Hugh Owen's The Importance of the Traditional Doctrine of Creation
My comments are in red.
Theistic evolutionism holds that God created matter in the beginning, and then used billions of years of natural processes, including death, destruction, mutations, and disease, to produce the various kinds of living things, including the human body. Generally speaking, theistic evolutionists deny the historicity of Genesis 1-11 [To be fair, one should distinguish between denying the historicity of these chapters, and interpreting them as a particular genre of history, in which figurative language plays an important part] and believe that Noah’s Flood was a local flood, that the Tower of Babel incident never actually happened, and that human languages evolved from primitive to more complex over long periods of time. [If one accepts the theory of evolution of life on the basis of the evidence for it, one is naturally quite likely to accept the theory of evolution of language on the basis of the evidence for it, since the kinds of evidence are rather similar. Similarly with the evidence for the flood and the exegetical considerations involved.]
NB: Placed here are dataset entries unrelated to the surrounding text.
(* For all $x$ with $|x|<1/4$, \[ \sum_{n=0}^\infty\binom{4n}{2n}O_{2n}x^{2n}=-\frac{\sqrt{1+4x}\,\ln(1-4x)+\sqrt{1-4x}\,\ln(1+4x)}{4\sqrt{1-16x^2}} \] and \[ \sum_{n=0}^\infty\binom{4n+2}{2n+1}O_{2n+1}x^{2n+1}=-\frac{\sqrt{1+4x}\,\ln(1-4x)-\sqrt{1-4x}\,\ln(1+4x)}{4\sqrt{1-16x^2}}. \]
   Context: $O_n=\sum_{j=1}^n\frac1{2j-1}$ is the $n$th odd harmonic number ($O_0=0$). *)

From Stdlib Require Import Reals.
From Coquelicot Require Import Coquelicot.
Open Scope R_scope.

Fixpoint oddH (n : nat) : R :=
  match n with
  | O => 0
  | S m => oddH m + / (2 * INR (S m) - 1)
  end.

Definition binomR (n k : nat) : R := Binomial.C n k.

From Stdlib Require Import Reals Lra Lia.
From Coquelicot Require Import Coquelicot.
Open Scope R_scope.

(* Write b_m = C(2m,m) and a_m = b_m O_m.  The recurrences
   (m+1) b_(m+1) = (4m+2) b_m  and  (m+1) a_(m+1) = (4m+2) a_m + 2 b_m
   become the differential equations (1-4x) B' = 2B and (1-4x) A' = 2A + 2B for
   the generating functions, which converge for |x| < 1/4.  Hence B sqrt(1-4x)
   and A sqrt(1-4x) + ln(1-4x)/2 are constant, so B = 1/sqrt(1-4x) and
   A = -ln(1-4x)/(2 sqrt(1-4x)).  The two series of the theorem are the even and
   odd parts (A(x) +- A(-x))/2. *)

Definition central_binom (m : nat) : R := binomR (2 * m) m.

Definition central_oddH (m : nat) : R := central_binom m * oddH m.

Definition central_oddH_gf (x : R) : R := - ln (1 - 4 * x) / (2 * sqrt (1 - 4 * x)).

Lemma INR_fact_gt0 (n : nat) : 0 < INR (Factorial.fact n).
Proof. apply lt_0_INR, Factorial.lt_O_fact. Qed.

Lemma central_binom_0 : central_binom 0 = 1.
Proof. unfold central_binom, binomR, Binomial.C; simpl; field. Qed.

Lemma central_binom_gt0 (m : nat) : 0 < central_binom m.
Proof.
  unfold central_binom, binomR, Binomial.C.
  apply Rdiv_lt_0_compat; [|apply Rmult_lt_0_compat]; apply INR_fact_gt0.
Qed.

Lemma central_binom_rec (m : nat) :
  INR (S m) * central_binom (S m) = (4 * INR m + 2) * central_binom m.
Proof.
  unfold central_binom, binomR, Binomial.C.
  replace (2 * S m - S m)%nat with (S m) by lia.
  replace (2 * m - m)%nat with m by lia.
  replace (2 * S m)%nat with (S (S (2 * m))) by lia.
  rewrite !Rfunctions.fact_simpl, !mult_INR, !S_INR, mult_INR.
  pose proof (INR_fact_gt0 m); pose proof (INR_fact_gt0 (2 * m)); pose proof (pos_INR m).
  simpl (INR 2). field. lra.
Qed.

Lemma central_binom_S (m : nat) :
  central_binom (S m) = (4 * INR m + 2) / (INR m + 1) * central_binom m.
Proof.
  pose proof (pos_INR m).
  apply (Rmult_eq_reg_l (INR (S m))); [|rewrite S_INR; lra].
  rewrite central_binom_rec, S_INR. field. lra.
Qed.

Lemma central_binom_le_S (m : nat) : central_binom m <= central_binom (S m).
Proof.
  rewrite central_binom_S. pose proof (pos_INR m). pose proof (central_binom_gt0 m).
  assert (1 <= (4 * INR m + 2) / (INR m + 1)) by (apply Rcomplements.Rle_div_r; lra).
  nra.
Qed.

Lemma oddH_ge0 (m : nat) : 0 <= oddH m.
Proof.
  induction m as [|m IH]; cbn [oddH]; [lra|].
  rewrite S_INR. pose proof (pos_INR m).
  assert (0 < / (2 * (INR m + 1) - 1)) by (apply Rinv_0_lt_compat; lra). lra.
Qed.

Lemma oddH_le_INR (m : nat) : oddH m <= INR m.
Proof.
  induction m as [|m IH]; cbn [oddH]; [simpl; lra|].
  rewrite S_INR. pose proof (pos_INR m).
  assert (/ (2 * (INR m + 1) - 1) <= 1) by (rewrite <- Rinv_1; apply Rinv_le_contravar; lra).
  lra.
Qed.

Lemma central_oddH_0 : central_oddH 0 = 0.
Proof. unfold central_oddH; simpl; ring. Qed.

Lemma central_oddH_rec (m : nat) :
  INR (S m) * central_oddH (S m)
  = (4 * INR m + 2) * central_oddH m + 2 * central_binom m.
Proof.
  unfold central_oddH. cbn [oddH]. rewrite central_binom_S, S_INR.
  pose proof (pos_INR m). field. lra.
Qed.

Lemma CV_radius_le_Rabs (a b : nat -> R) :
  (forall n, Rabs (a n) <= Rabs (b n)) -> Rbar_le (CV_radius b) (CV_radius a).
Proof.
  intros Hab. destruct (CV_radius_bounded b) as [_ Hb]. apply Hb.
  intros r [M HM]. destruct (CV_radius_bounded a) as [Ha _]. apply Ha.
  exists M. intros n. eapply Rle_trans; [|apply (HM n)]. rewrite !Rabs_mult.
  apply Rmult_le_compat_r; [apply Rabs_pos | apply Hab].
Qed.

Lemma is_lim_seq_inv_S : is_lim_seq (fun n => / INR (S n)) 0.
Proof.
  apply (is_lim_seq_inv (fun n => INR (S n)) p_infty); [|discriminate].
  apply (is_lim_seq_incr_1 INR), is_lim_seq_INR.
Qed.

Lemma CV_radius_central_binom : CV_radius central_binom = / 4.
Proof.
  apply CV_radius_finite_DAlembert; [intros n; pose proof (central_binom_gt0 n); lra | lra |].
  apply (is_lim_seq_ext (fun n => 4 - 2 * / INR (S n))).
  - intros n. pose proof (central_binom_gt0 n). pose proof (pos_INR n).
    rewrite central_binom_S, S_INR, Rabs_pos_eq.
    + field. split; lra.
    + apply Rdiv_le_0_compat; [|lra]. apply Rmult_le_pos; [|lra].
      apply Rdiv_le_0_compat; lra.
  - assert (H : is_lim_seq (fun n => 4 - 2 * / INR (S n)) (4 - 2 * 0)).
    { apply is_lim_seq_minus'; [apply is_lim_seq_const|].
      apply (is_lim_seq_scal_l _ 2 0), is_lim_seq_inv_S. }
    now rewrite Rmult_0_r, Rminus_0_r in H.
Qed.

(* [O_m <= m] and monotonicity of [C(2m,m)] give [a_m <= (m+1) b_(m+1)], a
   coefficient of the derivative of [b]. *)
Lemma CV_radius_central_oddH : Rbar_le (/ 4) (CV_radius central_oddH).
Proof.
  rewrite <- CV_radius_central_binom, <- (CV_radius_derive central_binom).
  apply CV_radius_le_Rabs. intros n. unfold central_oddH, PS_derive.
  pose proof (central_binom_gt0 n). pose proof (central_binom_le_S n).
  pose proof (oddH_ge0 n). pose proof (oddH_le_INR n). pose proof (pos_INR n).
  assert (central_binom n * oddH n <= central_binom (S n) * INR n).
  { apply Rle_trans with (central_binom n * INR n);
      [apply Rmult_le_compat_l | apply Rmult_le_compat_r]; lra. }
  rewrite S_INR, !Rabs_pos_eq; nra.
Qed.

Lemma Rabs_lt_CV_radius_central_binom (x : R) :
  Rabs x < / 4 -> Rbar_lt (Rabs x) (CV_radius central_binom).
Proof. now rewrite CV_radius_central_binom. Qed.

Lemma Rabs_lt_CV_radius_central_oddH (x : R) :
  Rabs x < / 4 -> Rbar_lt (Rabs x) (CV_radius central_oddH).
Proof. intros Hx. eapply Rbar_lt_le_trans; [|apply CV_radius_central_oddH]; exact Hx. Qed.

Lemma PSeries_derive_mul_1_minus (c : nat -> R) (k x : R) :
  Rbar_lt (Rabs x) (CV_radius c) ->
  (1 - k * x) * PSeries (PS_derive c) x
  = PSeries (fun n => PS_derive c n - k * PS_incr_1 (PS_derive c) n) x.
Proof.
  intros Hx. assert (Hd : ex_pseries (PS_derive c) x) by now apply ex_pseries_derive.
  replace ((1 - k * x) * PSeries (PS_derive c) x)
    with (PSeries (PS_derive c) x + (- k) * (x * PSeries (PS_derive c) x)) by ring.
  rewrite <- PSeries_incr_1, <- PSeries_scal, <- PSeries_plus.
  - apply PSeries_ext. intros n. unfold PS_plus, PS_scal, plus, scal; simpl.
    unfold mult; simpl. ring.
  - exact Hd.
  - apply ex_pseries_scal; [apply Rmult_comm|]. now apply ex_pseries_incr_1.
Qed.

Lemma is_derive_PSeries_mul_sqrt (c : nat -> R) (t : R) :
  Rbar_lt (Rabs t) (CV_radius c) -> 0 < 1 - 4 * t ->
  is_derive (fun u => PSeries c u * sqrt (1 - 4 * u)) t
    (((1 - 4 * t) * PSeries (PS_derive c) t - 2 * PSeries c t) / sqrt (1 - 4 * t)).
Proof.
  intros Hc Ht. auto_derive.
  - split; [now apply ex_derive_PSeries|]. split; [lra | exact I].
  - rewrite Derive_PSeries by exact Hc.
    replace (1 + - (4 * t)) with (1 - 4 * t) by ring.
    assert (Hs : 0 < sqrt (1 - 4 * t)) by now apply sqrt_lt_R0.
    pose proof (sqrt_sqrt (1 - 4 * t) (Rlt_le _ _ Ht)) as Hss.
    set (s := sqrt (1 - 4 * t)) in *. rewrite <- Hss. field. lra.
Qed.

Lemma eq_0_of_is_derive_0 (f : R -> R) (r x : R) :
  Rabs x < r -> (forall t, Rabs t < r -> is_derive f t 0) -> f x = f 0.
Proof.
  intros Hx Hd. destruct (Rabs_def2 _ _ Hx) as [Hx1 Hx2].
  destruct (Rtotal_order x 0) as [Hneg|[->|Hpos]]; [| reflexivity |].
  - apply eq_is_derive; [|exact Hneg]. intros t Ht. apply Hd, Rabs_def1; lra.
  - symmetry. apply eq_is_derive; [|exact Hpos]. intros t Ht. apply Hd, Rabs_def1; lra.
Qed.

Lemma central_binom_derive_rec (n : nat) :
  PS_derive central_binom n - 4 * PS_incr_1 (PS_derive central_binom) n = 2 * central_binom n.
Proof.
  unfold PS_derive. destruct n as [|m]; cbn [PS_incr_1]; rewrite central_binom_rec.
  - unfold zero; simpl; ring.
  - ring.
Qed.

Lemma central_oddH_derive_rec (n : nat) :
  PS_derive central_oddH n - 4 * PS_incr_1 (PS_derive central_oddH) n
  = 2 * central_oddH n + 2 * central_binom n.
Proof.
  unfold PS_derive. destruct n as [|m]; cbn [PS_incr_1]; rewrite central_oddH_rec.
  - unfold zero; simpl; ring.
  - ring.
Qed.

Lemma PSeries_central_binom (x : R) :
  Rabs x < / 4 -> PSeries central_binom x = / sqrt (1 - 4 * x).
Proof.
  intros Hx.
  assert (Hconst : PSeries central_binom x * sqrt (1 - 4 * x) = 1).
  { rewrite (eq_0_of_is_derive_0
      (fun u => PSeries central_binom u * sqrt (1 - 4 * u)) (/ 4) x Hx).
    - rewrite PSeries_0, central_binom_0, Rmult_0_r, Rminus_0_r, sqrt_1. ring.
    - intros t Ht. destruct (Rabs_def2 _ _ Ht).
      pose proof (Rabs_lt_CV_radius_central_binom t Ht) as Hc.
      replace 0 with (((1 - 4 * t) * PSeries (PS_derive central_binom) t
                       - 2 * PSeries central_binom t) / sqrt (1 - 4 * t)).
      + apply is_derive_PSeries_mul_sqrt; [exact Hc | lra].
      + rewrite (PSeries_derive_mul_1_minus _ _ _ Hc).
        rewrite (PSeries_ext _ _ _ central_binom_derive_rec), (PSeries_scal 2 central_binom).
        field.
        apply Rgt_not_eq, sqrt_lt_R0. lra. }
  destruct (Rabs_def2 _ _ Hx).
  assert (0 < sqrt (1 - 4 * x)) by (apply sqrt_lt_R0; lra).
  apply (Rmult_eq_reg_r (sqrt (1 - 4 * x))); [|lra]. rewrite Hconst. field. lra.
Qed.

Lemma PSeries_central_oddH (x : R) :
  Rabs x < / 4 -> PSeries central_oddH x = central_oddH_gf x.
Proof.
  intros Hx.
  assert (Hconst : PSeries central_oddH x * sqrt (1 - 4 * x) + ln (1 - 4 * x) / 2 = 0).
  { rewrite (eq_0_of_is_derive_0
      (fun u => PSeries central_oddH u * sqrt (1 - 4 * u) + ln (1 - 4 * u) / 2) (/ 4) x Hx).
    - rewrite PSeries_0, central_oddH_0, Rmult_0_r, Rminus_0_r, ln_1. field.
    - intros t Ht. destruct (Rabs_def2 _ _ Ht).
      pose proof (Rabs_lt_CV_radius_central_oddH t Ht) as Hc.
      assert (Hs : 0 < sqrt (1 - 4 * t)) by (apply sqrt_lt_R0; lra).
      replace 0 with (((1 - 4 * t) * PSeries (PS_derive central_oddH) t
                       - 2 * PSeries central_oddH t) / sqrt (1 - 4 * t)
                      + (- 4 / (1 - 4 * t)) / 2).
      + apply (is_derive_plus (fun u => PSeries central_oddH u * sqrt (1 - 4 * u))).
        * apply is_derive_PSeries_mul_sqrt; [exact Hc | lra].
        * auto_derive; [lra | field; lra].
      + rewrite (PSeries_derive_mul_1_minus _ _ _ Hc).
        rewrite (PSeries_ext _ _ _ central_oddH_derive_rec).
        rewrite (PSeries_plus (PS_scal 2 central_oddH) (PS_scal 2 central_binom)),
          !PSeries_scal, (PSeries_central_binom t Ht).
        * pose proof (sqrt_sqrt (1 - 4 * t) ltac:(lra)) as Hss.
          set (s := sqrt (1 - 4 * t)) in *. rewrite <- Hss. field. lra.
        * apply ex_pseries_scal; [apply Rmult_comm|].
          now apply CV_radius_inside.
        * apply ex_pseries_scal; [apply Rmult_comm|].
          now apply CV_radius_inside, Rabs_lt_CV_radius_central_binom. }
  destruct (Rabs_def2 _ _ Hx).
  assert (0 < sqrt (1 - 4 * x)) by (apply sqrt_lt_R0; lra).
  apply (Rmult_eq_reg_r (sqrt (1 - 4 * x))); [|lra].
  replace (PSeries central_oddH x * sqrt (1 - 4 * x)) with (- (ln (1 - 4 * x) / 2)) by lra.
  unfold central_oddH_gf. field. lra.
Qed.

Lemma sum_n_pairs (c : nat -> R) (N : nat) :
  sum_n (fun n => c (2 * n)%nat + c (2 * n + 1)%nat) N = sum_n c (2 * N + 1).
Proof.
  induction N as [|N IH].
  - rewrite sum_O. simpl. rewrite sum_Sn, sum_O. reflexivity.
  - rewrite sum_Sn, IH.
    replace (2 * S N + 1)%nat with (S (S (2 * N + 1))) by lia.
    replace (2 * S N)%nat with (S (2 * N + 1)) by lia.
    rewrite (sum_Sn c (S (2 * N + 1))), (sum_Sn c (2 * N + 1)).
    unfold plus; simpl. ring.
Qed.

Lemma is_series_pairs (c : nat -> R) (l : R) :
  is_series c l -> is_series (fun n => c (2 * n)%nat + c (2 * n + 1)%nat) l.
Proof.
  intros Hc. unfold is_series.
  apply (filterlim_ext (fun N => sum_n c (2 * N + 1))).
  { intros N. symmetry. apply sum_n_pairs. }
  apply (is_lim_seq_subseq (sum_n c) l (fun N => (2 * N + 1)%nat)); [|exact Hc].
  intros P [N HN]. exists N. intros n Hn. apply HN. lia.
Qed.

Lemma pow_opp_even (y : R) (n : nat) : (- y) ^ (2 * n) = y ^ (2 * n).
Proof. rewrite !pow_mult. f_equal. ring. Qed.

Lemma pow_opp_odd (y : R) (n : nat) : (- y) ^ (2 * n + 1) = - y ^ (2 * n + 1).
Proof. rewrite !pow_add, pow_opp_even. ring. Qed.

Section EvenOddParts.

Variables (a : nat -> R) (x S T : R).
Hypothesis HS : is_series (fun m => a m * x ^ m) S.
Hypothesis HT : is_series (fun m => a m * (- x) ^ m) T.

Lemma is_series_even_part : is_series (fun n => a (2 * n)%nat * x ^ (2 * n)) ((S + T) / 2).
Proof.
  pose proof (is_series_scal_r (/ 2) _ _
                (is_series_pairs _ _ (is_series_plus _ _ _ _ HS HT))) as H.
  refine (is_series_ext _ _ _ _ H). intros n. cbv beta.
  rewrite pow_opp_even, pow_opp_odd. unfold plus; simpl. field.
Qed.

Lemma is_series_odd_part :
  is_series (fun n => a (2 * n + 1)%nat * x ^ (2 * n + 1)) ((S - T) / 2).
Proof.
  pose proof (is_series_scal_r (/ 2) _ _
                (is_series_pairs _ _ (is_series_minus _ _ _ _ HS HT))) as H.
  refine (is_series_ext _ _ _ _ H). intros n. cbv beta.
  rewrite pow_opp_even, pow_opp_odd. unfold minus, plus, opp; simpl. field.
Qed.

End EvenOddParts.

Lemma is_series_central_oddH (x : R) :
  Rabs x < / 4 -> is_series (fun m => central_oddH m * x ^ m) (central_oddH_gf x).
Proof.
  intros Hx. rewrite <- (PSeries_central_oddH x Hx).
  apply is_pseries_R, PSeries_correct, CV_radius_inside, Rabs_lt_CV_radius_central_oddH, Hx.
Qed.

Lemma sqrt_1_minus_16_sqr (x : R) :
  Rabs x < / 4 -> sqrt (1 - 16 * x ^ 2) = sqrt (1 - 4 * x) * sqrt (1 + 4 * x).
Proof.
  intros Hx. destruct (Rabs_def2 _ _ Hx).
  rewrite <- sqrt_mult by lra. f_equal. ring.
Qed.

Section GfParts.

Variable x : R.
Hypothesis Hx : Rabs x < / 4.

Let sqrt_1_minus_4x_gt0 : 0 < sqrt (1 - 4 * x).
Proof. destruct (Rabs_def2 _ _ Hx). apply sqrt_lt_R0. lra. Qed.

Let sqrt_1_plus_4x_gt0 : 0 < sqrt (1 + 4 * x).
Proof. destruct (Rabs_def2 _ _ Hx). apply sqrt_lt_R0. lra. Qed.

Lemma central_oddH_gf_even_part :
  (central_oddH_gf x + central_oddH_gf (- x)) / 2
  = - (sqrt (1 + 4 * x) * ln (1 - 4 * x) + sqrt (1 - 4 * x) * ln (1 + 4 * x))
      / (4 * sqrt (1 - 16 * x ^ 2)).
Proof.
  unfold central_oddH_gf. rewrite sqrt_1_minus_16_sqr by exact Hx.
  replace (1 - 4 * - x) with (1 + 4 * x) by ring. field. lra.
Qed.

Lemma central_oddH_gf_odd_part :
  (central_oddH_gf x - central_oddH_gf (- x)) / 2
  = - (sqrt (1 + 4 * x) * ln (1 - 4 * x) - sqrt (1 - 4 * x) * ln (1 + 4 * x))
      / (4 * sqrt (1 - 16 * x ^ 2)).
Proof.
  unfold central_oddH_gf. rewrite sqrt_1_minus_16_sqr by exact Hx.
  replace (1 - 4 * - x) with (1 + 4 * x) by ring. field. lra.
Qed.

End GfParts.

Theorem theorem24 (x : R) (hx : Rabs x < / 4) :
  is_series (fun n : nat => binomR (4 * n) (2 * n) * oddH (2 * n) * x ^ (2 * n))
    (- (sqrt (1 + 4 * x) * ln (1 - 4 * x) + sqrt (1 - 4 * x) * ln (1 + 4 * x))
       / (4 * sqrt (1 - 16 * x ^ 2)))
  /\
  is_series (fun n : nat => binomR (4 * n + 2) (2 * n + 1) * oddH (2 * n + 1)
                             * x ^ (2 * n + 1))
    (- (sqrt (1 + 4 * x) * ln (1 - 4 * x) - sqrt (1 - 4 * x) * ln (1 + 4 * x))
       / (4 * sqrt (1 - 16 * x ^ 2))).
Proof.
  pose proof (is_series_central_oddH x hx) as Hpos.
  pose proof (is_series_central_oddH (- x) ltac:(now rewrite Rabs_Ropp)) as Hneg.
  rewrite <- (central_oddH_gf_even_part x hx), <- (central_oddH_gf_odd_part x hx).
  split.
  - refine (is_series_ext _ _ _ _ (is_series_even_part _ _ _ _ Hpos Hneg)).
    intros n. unfold central_oddH, central_binom.
    now replace (2 * (2 * n))%nat with (4 * n)%nat by lia.
  - refine (is_series_ext _ _ _ _ (is_series_odd_part _ _ _ _ Hpos Hneg)).
    intros n. unfold central_oddH, central_binom.
    now replace (2 * (2 * n + 1))%nat with (4 * n + 2)%nat by lia.
Qed.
The traditional, patristic, magisterial doctrine of creation holds that God created all of the different kinds of creatures during a very brief creation period at the beginning of time by an act of his Divine Will. According to this understanding, God created a perfectly harmonious world for our first parents, Adam and Eve, a few thousand years ago. He created Adam first, and then created Eve from Adam’s side. There was no human sickness, death, disease, harmful mutations or man-harming natural disasters before the Fall. Prior to the Original Sin, all of nature was under the dominion of Adam and Eve and was subservient to them. Even after the Original Sin, early man was physically and mentally [mental superiority after the fall cannot realistically be called part of a common traditional doctrine of creation] superior to modern man, and the early patriarchs actually lived to the long ages ascribed to them. There was a global flood in Noah’s day which killed all of the people and land animals except for those on Noah’s ark, [as the interpretation of the flood as a local flood was said to be mostly connected with the acceptance of the evolution of life, so the interpretation of the flood as global should be said to be mostly connected with this other interpretation of creation, rather than part of it.] and all of the basic language-families complete with their unique grammars and modes of thought were instantaneously created by God during the Tower of the Babel incident. [A more reasonable interpretation of the common understanding of the Tower of Babel event, would be to say that some basic language-families were created at that time. The assumption on the part of the authors that languages can not diverge from each other to an extent equal to the difference between any of these "basic language-families", is neither part of the doctrine of creation, nor is it pertinent to the interpretation of the Tower of Bable event.]
It is already evident from the contrast between these two definitions, that several things are mixed in here: what is being opposed is not only two doctrines of how God created the world, life, and languages, but also different hermeneutical approaches to understanding the natural world and interpreting Scripture. I'll come back to this point in a later post.